To maintain their successful political grassroots activities and capture the attention of local legislators during another compressed session, credit unions are encouraged to mark their calendars for the League’s annual Legislative Day Event and reception. This year’s event is scheduled for March 27 and will feature a conference briefing at the Abraham Lincoln (formerly Renaissance) hotel, State Capitol visits and an evening reception. Please refer to the League’s Web site for registration information and other event details.

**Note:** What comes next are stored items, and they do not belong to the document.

Lemma chain_on_link W k w z : chain_on W k z -> chain_on (W :\: nbh w) (k - 1) (link w z).
Proof.
move=> zW B; apply: contraNeq; rewrite ffunE; case: ifP => [|wB]; first by rewrite eqxx.
rewrite mulf_eq0 negb_or => /andP[_] /(chain_onP zW) [/andP[ind /eqP sz] sW].
rewrite /face_dim (independent_sub (subsetUr _ _) ind) /=; apply/andP; split.
  by move: sz; rewrite cardsU1 wB /= => sz; apply/eqP; lia.
apply/subsetP => x xB; rewrite !inE (subsetP sW) ?andbT ?setU1r //.
have xw : x != w by apply: contraFN wB => /eqP <-.
move/forall_inP: ind => /(_ w (setU11 _ _)) /forall_inP /(_ x (setU1r _ xB)).
by rewrite (negbTE xw) => /negbTE ->.
Qed.

Lemma chain_on_join W V k w c : w \in W -> V \subset W -> w \notin V ->
  {in V, forall x, ~~ e w x} -> chain_on V k c -> chain_on W (k + 1) (join w c).
Proof.
move=> wW VW wV Vw cV A; apply: contraNeq; rewrite ffunE; case: ifP => wA; last by rewrite eqxx.
rewrite mulf_eq0 negb_or => /andP[_] /(chain_onP cV) [/andP[ind /eqP sz] sV].
have -> : A = w |: (A :\ w) by rewrite setD1K.
set B := A :\ w in ind sz sV *; have wB : w \notin B by rewrite !inE eqxx.
have nwB y : y \in B -> ~~ e w y && ~~ e y w.
  by move=> /(subsetP sV) /Vw; rewrite e_sym andbb.
rewrite /face_dim cardsU1 wB -andbA; apply/and3P; split.
- apply/forall_inP => x; rewrite in_setU1 => /orP[/eqP ->|xB];
  apply/forall_inP => y; rewrite in_setU1 => /orP[/eqP ->|yB].
  + by rewrite e_irr.
  + by case/andP: (nwB y yB).
  + by case/andP: (nwB x xB).
  + by move/forall_inP: ind => /(_ x xB) /forall_inP /(_ y yB).
- by apply/eqP; lia.
- by rewrite subUset sub1set wW (subset_trans sV VW).
Qed.
(* Let $n\in\mathbb{N}=\{1,2,\dots\}$, $0\le i\le n-1$, and let $t_1<\dots<t_n$ be the zeros of $H_n$. (i) If $i$ is even, then $$\int_{-\infty}^\infty\frac{t^i}{i!}|h_n(t)|\,dt=\frac{1}{n!}\sum_{m=1}^n(-1)^{m+n}\sum_{k=0}^i\frac{(n-1-k)!}{2^k(i-k)!}t_m^{i-k}h_{n-1-k}(t_m).$$ (ii) If $i$ is odd and $n$ is even, then $$\int_{-\infty}^\infty\frac{|t|^i}{i!}|h_n(t)|\,dt=\frac{1}{n!}\sum_{m=1}^{n/2}(-1)^{m+1}\sum_{k=0}^i\frac{(n-1-k)!}{2^k(i-k)!}t_m^{i-k}h_{n-1-k}(t_m)+\frac{(-1)^{n/2}(n-1-i)!}{n!\,2^i}h_{n-1-i}(0)+\frac{1}{n!}\sum_{m=\frac n2+1}^{n}(-1)^{m}\sum_{k=0}^i\frac{(n-1-k)!}{2^k(i-k)!}t_m^{i-k}h_{n-1-k}(t_m);$$ and if $i$ is odd and $n$ is odd, then $$\int_{-\infty}^\infty\frac{|t|^i}{i!}|h_n(t)|\,dt=\frac{1}{n!}\sum_{m=1}^{\frac{n-1}{2}}(-1)^{m}\sum_{k=0}^i\frac{(n-1-k)!}{2^k(i-k)!}t_m^{i-k}h_{n-1-k}(t_m)+\frac{1}{n!}\sum_{m=\frac{n+3}{2}}^{n}(-1)^{m+1}\sum_{k=0}^i\frac{(n-1-k)!}{2^k(i-k)!}t_m^{i-k}h_{n-1-k}(t_m).$$
   Context: $H_n$ denotes the $n$-th Hermite polynomial ($H_n(t)=(-1)^ne^{t^2}\frac{d^n}{dt^n}e^{-t^2}$, so $H_0=1$, $H_1(t)=2t$), and the Hermite functions are $h_n(t)=\frac{1}{2^nn!\sqrt{\pi}}e^{-t^2}H_n(t)$, $t\in\mathbb{R}$. The zeros of $H_n$ are real, simple and symmetric about $0$. *)

From Stdlib Require Import Reals Arith Factorial.
From Coquelicot Require Import Coquelicot.
Open Scope R_scope.

Definition hermite (n : nat) (t : R) : R :=
  (-1) ^ n * exp (t ^ 2) * Derive_n (fun x => exp (- (x ^ 2))) n t.

Definition hermite_fun (n : nat) (t : R) : R :=
  / (2 ^ n * INR (fact n) * sqrt PI) * exp (- (t ^ 2)) * hermite n t.

Definition inner_sum (n i : nat) (x : R) : R :=
  sum_n_m (fun k => INR (fact (n - 1 - k)) / (2 ^ k * INR (fact (i - k)))
                     * x ^ (i - k) * hermite_fun (n - 1 - k) x) 0 i.

Definition is_integral_R (f : R -> R) (v : R) : Prop :=
  is_RInt_gen f (Rbar_locally m_infty) (Rbar_locally p_infty) v.

(* The three-term recurrence gives d/dx S(n,i,x) = -2 n!/i! x^i h_n(x) for the inner sum S, so
   -S(n,i,.)/(2 n!) is an antiderivative of x^i h_n(x)/i! that vanishes at +-oo.  Between
   consecutive zeros t_m < t_(m+1) the sign of H_n is (-1)^(m+n): it is positive beyond the last
   zero and changes at every zero, all zeros being simple.  Hence the integrand is, on each
   interval between consecutive sign changes, an alternating multiple of x^i h_n(x)/i!, and the
   integral telescopes into an alternating sum of values of S at the sign changes.  For odd i the
   factor sgn x adds or cancels a sign change at 0: the zeros are symmetric, so 0 lies strictly
   between t_(n/2) and t_(n/2+1) when n is even and equals t_((n+1)/2) when n is odd. *)

From Stdlib Require Import Reals Arith Lia Lra.
From Coquelicot Require Import Coquelicot.
Open Scope R_scope.

Ltac unfold_R_ops :=
  repeat change (plus ?u ?v) with (u + v);
  repeat change (mult ?u ?v) with (u * v);
  repeat change (@zero R_AbelianMonoid) with 0;
  repeat change (@one R_AbsRing) with 1;
  try match goal with |- ?a = ?b => change (@eq R a b) end.

Lemma is_derive_eq (f : R -> R) (x l l' : R) : is_derive f x l -> l = l' -> is_derive f x l'.
Proof. now intros H <-. Qed.

Lemma is_derive_Rmult (f g : R -> R) x df dg :
  is_derive f x df -> is_derive g x dg ->
  is_derive (fun y => f y * g y) x (df * g x + f x * dg).
Proof. intros Hf Hg. apply (is_derive_mult f g x df dg Hf Hg), Rmult_comm. Qed.

Lemma is_derive_Rplus (f g : R -> R) x df dg :
  is_derive f x df -> is_derive g x dg -> is_derive (fun y => f y + g y) x (df + dg).
Proof. intros Hf Hg. apply (is_derive_plus f g x df dg Hf Hg). Qed.

Lemma is_derive_Rminus (f g : R -> R) x df dg :
  is_derive f x df -> is_derive g x dg -> is_derive (fun y => f y - g y) x (df - dg).
Proof. intros Hf Hg. apply (is_derive_minus f g x df dg Hf Hg). Qed.

Lemma is_derive_Rpow_id (n : nat) (x : R) : is_derive (fun y => y ^ n) x (INR n * x ^ (n - 1)).
Proof.
  eapply is_derive_eq; [apply is_derive_pow, (@is_derive_id R_AbsRing)|].
  replace (Init.Nat.pred n) with (n - 1)%nat by lia. unfold_R_ops. ring.
Qed.

Lemma is_derive_gaussian x : is_derive (fun y => exp (- (y ^ 2))) x (-2 * x * exp (- (x ^ 2))).
Proof. auto_derive; [auto|]. replace (- (x * (x * 1))) with (- x ^ 2) by ring. ring. Qed.

Lemma INR_fact_pos k : 0 < INR (fact k).
Proof. apply lt_0_INR, lt_O_fact. Qed.

Lemma pow_m1_S k : (-1) ^ S k = - (-1) ^ k.
Proof. simpl; ring. Qed.

Fixpoint hermite_poly (n : nat) (t : R) : R :=
  match n with
  | O => 1
  | S O => 2 * t
  | S ((S k) as k1) => 2 * t * hermite_poly k1 t - 2 * INR k1 * hermite_poly k t
  end.

Lemma hermite_poly_SS k t :
  hermite_poly (S (S k)) t = 2 * t * hermite_poly (S k) t - 2 * INR (S k) * hermite_poly k t.
Proof. reflexivity. Qed.

Lemma hermite_poly_S k t :
  hermite_poly (S k) t = 2 * t * hermite_poly k t - 2 * INR k * hermite_poly (k - 1) t.
Proof.
  destruct k as [|k]; [simpl; ring|].
  now replace (S k - 1)%nat with k by lia.
Qed.

Lemma is_derive_hermite_poly k x :
  is_derive (hermite_poly k) x (2 * INR k * hermite_poly (k - 1) x).
Proof.
  revert x; induction k as [k IH] using lt_wf_ind; intro x.
  destruct k as [|[|k]].
  - eapply is_derive_eq; [apply (@is_derive_const R_AbsRing R_NormedModule)|].
    change (@zero R_NormedModule) with 0. simpl; ring.
  - apply (is_derive_ext (fun y => 2 * y)); [reflexivity|].
    eapply is_derive_eq; [apply is_derive_scal, (@is_derive_id R_AbsRing)|].
    unfold_R_ops. simpl; ring.
  - apply (is_derive_ext (fun y => 2 * y * hermite_poly (S k) y - 2 * INR (S k) * hermite_poly k y));
      [reflexivity|].
    eapply is_derive_eq.
    + apply is_derive_Rminus.
      * apply is_derive_Rmult; [apply is_derive_scal, (@is_derive_id R_AbsRing)|apply IH; lia].
      * apply is_derive_scal, IH; lia.
    + replace (S (S k) - 1)%nat with (S k) by lia. replace (S k - 1)%nat with k by lia.
      rewrite (hermite_poly_S k x), !S_INR. unfold_R_ops. ring.
Qed.

Lemma Derive_n_gaussian k t :
  Derive_n (fun x => exp (- (x ^ 2))) k t = (-1) ^ k * hermite_poly k t * exp (- (t ^ 2)).
Proof.
  revert t; induction k as [|k IH]; intro t; [simpl; ring|].
  simpl Derive_n. rewrite (Derive_ext _ _ _ IH).
  apply is_derive_unique. eapply is_derive_eq.
  - apply is_derive_Rmult; [apply is_derive_scal, is_derive_hermite_poly|apply is_derive_gaussian].
  - rewrite (hermite_poly_S k t). simpl. ring.
Qed.

Lemma hermite_eq_poly k t : hermite k t = hermite_poly k t.
Proof.
  unfold hermite. rewrite Derive_n_gaussian.
  replace ((-1) ^ k * exp (t ^ 2) * ((-1) ^ k * hermite_poly k t * exp (- t ^ 2)))
    with (((-1) * (-1)) ^ k * (exp (t ^ 2) * exp (- t ^ 2)) * hermite_poly k t)
    by (rewrite Rpow_mult_distr; ring).
  rewrite <- exp_plus, Rplus_opp_r, exp_0. replace ((-1) * (-1)) with 1 by ring.
  rewrite pow1. ring.
Qed.

Lemma hermite_poly_opp k x : hermite_poly k (- x) = (-1) ^ k * hermite_poly k x.
Proof.
  induction k as [k IH] using lt_wf_ind.
  destruct k as [|[|k]]; [simpl; ring..|].
  rewrite !hermite_poly_SS, !IH by lia. simpl; ring.
Qed.

Lemma hermite_poly_large k x :
  INR k + 1 <= x -> 0 < hermite_poly k x /\ x * hermite_poly k x <= hermite_poly (S k) x.
Proof.
  revert x; induction k as [|k IH]; intros x Hx; [simpl in *; lra|].
  rewrite S_INR in Hx. destruct (IH x ltac:(lra)) as [Hpos Hgrow].
  assert (Hk : 0 <= INR k) by apply pos_INR.
  split; [nra|].
  rewrite hermite_poly_SS, S_INR.
  (* [x^2 >= 2 (k + 1)], and [x H_k <= H_{k+1}] bounds the subtracted term by [x H_{k+1}] *)
  assert (Hsq : 2 * (INR k + 1) * x <= x * x * x) by nra.
  assert (Hsub : 2 * (INR k + 1) * (x * hermite_poly k x) <= 2 * (INR k + 1) * hermite_poly (S k) x)
    by (apply Rmult_le_compat_l; lra).
  nra.
Qed.

Lemma hermite_poly_no_common_zero k x :
  ~ (hermite_poly k x = 0 /\ hermite_poly (S k) x = 0).
Proof.
  induction k as [|k IH]; [simpl; lra|].
  intros [H1 H2]. apply IH. split; [|exact H1].
  rewrite hermite_poly_SS, H1 in H2.
  assert (0 < INR (S k)) by (apply lt_0_INR; lia). nra.
Qed.

Lemma hermite_poly_continuity k : continuity (hermite_poly k).
Proof.
  intro x. apply derivable_continuous_pt.
  eexists. apply is_derive_Reals, is_derive_hermite_poly.
Qed.

Definition hermite_norm (k : nat) : R := / (2 ^ k * INR (fact k) * sqrt PI).

Lemma hermite_norm_pos k : 0 < hermite_norm k.
Proof.
  unfold hermite_norm. apply Rinv_0_lt_compat.
  repeat apply Rmult_lt_0_compat; [apply pow_lt; lra|apply INR_fact_pos|apply sqrt_lt_R0, PI_RGT_0].
Qed.

Lemma hermite_norm_S k : 2 * INR (S k) * hermite_norm (S k) = hermite_norm k.
Proof.
  unfold hermite_norm. rewrite fact_simpl, mult_INR. simpl pow.
  assert (0 < INR (fact k)) by apply INR_fact_pos.
  assert (0 < sqrt PI) by apply sqrt_lt_R0, PI_RGT_0.
  assert (0 < 2 ^ k) by (apply pow_lt; lra).
  assert (0 < INR (S k)) by (apply lt_0_INR; lia).
  field. repeat split; lra.
Qed.

Lemma hermite_fun_poly k t :
  hermite_fun k t = hermite_norm k * exp (- (t ^ 2)) * hermite_poly k t.
Proof. unfold hermite_fun, hermite_norm. now rewrite hermite_eq_poly. Qed.

Lemma is_derive_hermite_fun k x :
  is_derive (hermite_fun k) x (-2 * INR (S k) * hermite_fun (S k) x).
Proof.
  apply (is_derive_ext (fun y => hermite_norm k * exp (- (y ^ 2)) * hermite_poly k y)).
  { intro y; symmetry; apply hermite_fun_poly. }
  eapply is_derive_eq.
  - apply is_derive_Rmult; [apply is_derive_scal, is_derive_gaussian|apply is_derive_hermite_poly].
  - rewrite hermite_fun_poly, (hermite_poly_S k x), <- (hermite_norm_S k). ring.
Qed.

On the regulatory fee case front, the Illinois Division of Financial Institutions (DFI) issued its 2006 regulatory fee invoices to state-chartered credit unions on or about December 11, 2006 (notwithstanding the statutory payment deadline of March 1, 2006). In response and on behalf of those credit unions, the League filed a motion in the pending regulatory fee case to enjoin the agency from assessing the fee without giving the credit unions the fee credit to which they were statutorily entitled under the Illinois Credit Union Act (ICUA). The League’s banking co-plaintiffs joined in the motion, since the Division of Banks had similarly assessed regulatory fees to banks without including a fee credit.

In response to the motion filed by the League and its co-plaintiffs and following a hearing on December 18, 2006, Judge Leo Zappa ruled on December 22, 2006 the DFI need not recognize and apply the statutorily mandated excess fee credit mechanism in connection with its 2006 regulatory fee assessments. The Judge found preservation of the status quo would not be maintained consistent with the preliminary injunction the League successfully obtained in March 2005, if the disputed money (i.e., the credit) was returned prior to resolution of the case. As previously reported, the injunction restricts DFI from transferring any moneys from the Credit Union Fund, except for purposes prescribed in the ICUA. The Judge further found that the manner in which the disputed funds are expended is merely delayed until the case is decided on the merits.

Along with its co-plaintiffs, the League was disappointed in the Judge’s ruling, because it ignored the factual and statutory bases upon which new regulatory fee assessments are made. Nonetheless, the League was pleased he reaffirmed the viability of the injunction against DFI – that injunction continues to prohibit the State from sweeping the credit union dedicated fund or expending monies for purposes unrelated to credit union regulatory supervision. At this point, the League and its co-plaintiffs are vigorously prosecuting the case to its conclusion. In that regard, new discovery (interrogatories and requests to produce documents) were served on Governor Blagojevich, DFPR Secretary Dean Martinez, DFI Director Gina DeCiani and each of the other defendants on February 1, 2007.